Towards Robust Speech Deepfake Detection via Human-Inspired Reasoning
AI 摘要
提出HIR-SDD,结合大型音频语言模型和人类推理,提升语音深度伪造检测的鲁棒性和可解释性。
主要贡献
- 提出HIR-SDD框架
- 结合大型音频语言模型和人类推理
- 构建人类标注数据集用于链式思考推理
方法论
利用人类标注数据集,训练大型音频语言模型进行链式思考推理,提供可解释的深度伪造检测结果。
原文摘要
The modern generative audio models can be used by an adversary in an unlawful manner, specifically, to impersonate other people to gain access to private information. To mitigate this issue, speech deepfake detection (SDD) methods started to evolve. Unfortunately, current SDD methods generally suffer from the lack of generalization to new audio domains and generators. More than that, they lack interpretability, especially human-like reasoning that would naturally explain the attribution of a given audio to the bona fide or spoof class and provide human-perceptible cues.
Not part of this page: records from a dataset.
(* Let $q$ be a power of an odd prime, $a\in\mathbb{F}_q^*$ with $a\neq\pm1$, $b\in\mathbb{F}_q$ a nonsquare, $\beta\in\mathbb{F}_{q^2}$ with $\beta^2=b$, and $f(X)=X^{q+1}+aX^2$ on $\mathbb{F}_{q^2}$. For $\gamma\in\mathbb{F}_{q^2}$ let $f^{-1}(\gamma)=\{X\in\mathbb{F}_{q^2}: f(X)=\gamma\}$. Let $\alpha\in\mathbb{F}_q^*$. Then: (1) $\#f^{-1}(\alpha)=0$ if $\chi_2(\alpha(a-1))=1$ and $\chi_2(\alpha(a+1))=-1$; $\#f^{-1}(\alpha)=4$ if $\chi_2(\alpha(a-1))=-1$ and $\chi_2(\alpha(a+1))=1$; and $\#f^{-1}(\alpha)=2$ otherwise. (2) If $q\equiv3\pmod4$, then $\#f^{-1}(\alpha\beta)=0$ if $\chi_2(1-a^2)=1$ and $\#f^{-1}(\alpha\beta)=2$ if $\chi_2(1-a^2)=-1$. (3) If $q\equiv1\pmod4$, then $\#f^{-1}(\alpha\beta)=4$ if $\chi_2(1-a^2)=-1$ and $\chi_2(2\gamma_a\alpha a)=1$, and $\#f^{-1}(\alpha\beta)=0$ otherwise, where (when $\chi_2(1-a^2)=-1$) $\gamma_a\in\mathbb{F}_q$ satisfies $\gamma_a^2=-\frac{(a-1)b}{a+1}$.
   Context: $\chi_2$ is the quadratic character of $\mathbb{F}_q$: $\chi_2(\alpha)=1$ if $\alpha$ is a nonzero square, $-1$ if $\alpha$ is a nonsquare, $0$ if $\alpha=0$. *)

From mathcomp Require Import all_boot all_order all_algebra all_field.
Set Implicit Arguments. Unset Strict Implicit. Unset Printing Implicit Defensive.
Import GRing.Theory.
Local Open Scope ring_scope.

(* L plays the role of F_{q^2}; F_q is the subfield {x | x^q = x}. *)
Definition inFq (L : finFieldType) (q : nat) (x : L) : bool := x ^+ q == x.

Definition chi2 (L : finFieldType) (q : nat) (x : L) : int :=
  if x == 0 then 0
  else if [exists y : L, inFq q y && (y ^+ 2 == x)] then 1 else -1.

Definition ff (L : finFieldType) (q : nat) (a X : L) : L := X ^+ q.+1 + a * X ^+ 2.

Definition npre (L : finFieldType) (q : nat) (a g : L) : nat :=
  #|[set X : L | ff q a X == g]|.

(* As b is a nonsquare
   of F_q, beta is not in F_q and every X in L is uniquely x + y beta with
   x, y in F_q, where
     f(x + y beta) = ((1 + a) x^2 + (a - 1) b y^2) + 2 a x y beta.
   Hence f(X) = alpha forces x y = 0, and f(X) = alpha beta forces
   x = +-gamma_a y. In both cases the solutions of f(X) = c lie on two F_q-lines
   F_q u and F_q v, and f(Y u) = Y^2 f(u) for Y in F_q, so each line carries two
   or no solutions according as c / f(u) is a square in F_q or not. The stated
   counts follow from the multiplicativity of chi_2 on F_q, the fact that b
   times a nonsquare is a square, and chi_2(-1) = 1 iff q = 1 mod 4. *)

From HB Require Import structures.
From mathcomp Require Import all_boot all_order all_algebra all_field pgroup cyclic.
From mathcomp Require Import ring zify.
Set Implicit Arguments. Unset Strict Implicit. Unset Printing Implicit Defensive.
Import GRing.Theory.
Local Open Scope ring_scope.

Lemma finField_pnat_card (F : finFieldType) p : p \in [pchar F] -> p.-nat #|F|.
Proof. by move=> pcharFp; have := pprimeChar_pgroup pcharFp; rewrite /pgroup cardsT. Qed.

Lemma finField_prim_root (F : finFieldType) : exists w : F, (#|F|.-1).-primitive_root w.
Proof.
have F_gt1 := finNzRing_gt1 F.
have N_gt0 : (0 < #|F|.-1)%N by rewrite -ltnS prednK // ltnW.
have unity : all (#|F|.-1).-unity_root (enum (predC1 (0 : F))).
  apply/allP => x; rewrite mem_enum /= => x0; rewrite unity_rootE.
  by rewrite -(inj_eq (mulfI x0)) -exprS prednK ?expf_card ?mulr1 // ltnW.
have [|w _ w_prim] := hasP (has_prim_root N_gt0 unity (enum_uniq _) _).
  by rewrite -cardE cardC1.
by exists w.
Qed.

Definition Fq_square (L : finFieldType) (q : nat) (c : L) : bool :=
  [exists y : L, inFq q y && (y ^+ 2 == c)].

Lemma Fq_squareP (L : finFieldType) q (c : L) :
  reflect (exists2 y, y \in inFq q & y ^+ 2 = c) (Fq_square q c).
Proof.
apply: (iffP existsP) => [[y /andP[Fy /eqP y2]]|[y Fy y2]]; first by exists y.
by exists y; apply/andP; split; last exact/eqP.
Qed.

Lemma chi2_eq1 (L : finFieldType) q (c : L) : c != 0 -> (chi2 q c == 1) = Fq_square q c.
Proof. by move=> c0; rewrite /chi2 (negbTE c0) -/(Fq_square q c); case: Fq_square. Qed.

Lemma chi2_eqN1 (L : finFieldType) q (c : L) : c != 0 -> (chi2 q c == -1) = ~~ Fq_square q c.
Proof. by move=> c0; rewrite /chi2 (negbTE c0) -/(Fq_square q c); case: Fq_square. Qed.

Lemma Fq_frob (L : finFieldType) q (x : L) : x \in inFq q -> x ^+ q = x.
Proof. exact: eqP. Qed.

Lemma Fq_squareMsqr (L : finFieldType) q (c d : L) : d \in inFq q -> d != 0 ->
  Fq_square q (c * d ^+ 2) = Fq_square q c.
Proof.
move=> Fd d0; apply/Fq_squareP/Fq_squareP => [[y Fy y2]|[y Fy y2]].
  exists (y / d); last by rewrite expr_div_n y2 mulfK // expf_neq0.
  by rewrite /inFq unfold_in expr_div_n !Fq_frob.
by exists (y * d); rewrite ?exprMn ?y2 // /inFq unfold_in exprMn !Fq_frob.
Qed.

Lemma ffZ (L : finFieldType) q (a Y X : L) : Y \in inFq q ->
  ff q a (Y * X) = Y ^+ 2 * ff q a X.
Proof. by move=> FY; rewrite /ff !exprMn [Y ^+ q.+1]exprS Fq_frob //; ring. Qed.

Lemma ff0 (L : finFieldType) q (a : L) : ff q a 0 = 0.
Proof. by rewrite /ff !expr0n mulr0 addr0. Qed.

Lemma ff_neq0 (L : finFieldType) q (a u : L) : ff q a u != 0 -> u != 0.
Proof. by apply: contraNneq => ->; rewrite ff0. Qed.

Section QuadraticExtension.

Variables (L : finFieldType) (q : nat).
Hypotheses (cardL : #|L| = (q ^ 2)%N) (q_odd : odd q).

Lemma q_gt1 : (1 < q)%N.
Proof. by have := finNzRing_gt1 L; rewrite cardL; case: q q_odd => [|[|]]. Qed.

Lemma frobD (x y : L) : (x + y) ^+ q = x ^+ q + y ^+ q.
Proof.
have [p _ pcharLp] := finPcharP L.
apply: exprDn_pchar; rewrite (eq_pnat _ (pcharf_eq pcharLp)).
apply: (pnat_dvd (n := #|L|)); first by rewrite cardL expnS dvdn_mulr.
exact: finField_pnat_card.
Qed.

Lemma frobN (x : L) : (- x) ^+ q = - x ^+ q.
Proof. by rewrite exprNn -signr_odd q_odd mulN1r. Qed.

Lemma frobB (x y : L) : (x - y) ^+ q = x ^+ q - y ^+ q.
Proof. by rewrite frobD frobN. Qed.

Lemma frobK (x : L) : (x ^+ q) ^+ q = x.
Proof. by rewrite -exprM mulnn -cardL expf_card. Qed.

Lemma two_neq0 : (2 : L) != 0.
Proof.
apply/negP => /eqP two0.
have pchar2 : 2 \in [pchar L] by rewrite inE two0 eqxx.
have := finField_pnat_card pchar2; rewrite cardL => /part_pnat_id.
rewrite p_part => e.
have := finNzRing_gt1 L; rewrite cardL -e.
have : odd (2 ^ logn 2 (q ^ 2)) by rewrite e oddX q_odd orbT.
by rewrite oddX /= orbF => /eqP ->.
Qed.

Lemma eqrN_self (x : L) : (x == - x) = (x == 0).
Proof. by rewrite -addr_eq0 -mulr2n -mulr_natl mulf_eq0 (negbTE two_neq0). Qed.

Fact inFq_divring_closed : divring_closed (inFq q : pred L).
Proof.
split=> [|x y|x y]; rewrite !unfold_in /inFq.
- by rewrite expr1n.
- by rewrite frobB => /eqP-> /eqP->.
- by rewrite exprMn exprVn => /eqP-> /eqP->.
Qed.

HB.instance Definition _ := GRing.isDivringClosed.Build L (inFq q) inFq_divring_closed.

(* [done] does not recognise a hypothesis [x \in inFq q] as a proof of the
   side conditions [x \in S] produced by the rpred lemmas, hence the match. *)
Ltac Fq_closed :=
  repeat first [ match goal with H : is_true (_ \in inFq _) |- _ => exact: H end
               | apply: rpred0 | apply: rpred1 | apply: rpred_nat
               | apply: rpredB | apply: rpredD | rewrite rpredN | apply: rpredM
               | apply: rpred_div | apply: rpredX ].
In this paper, we propose HIR-SDD, a novel SDD framework that combines the strengths of Large Audio Language Models (LALMs) with the chain-of-thought reasoning derived from the novel proposed human-annotated dataset. Experimental evaluation demonstrates both the effectiveness of the proposed method and its ability to provide reasonable justifications for predictions.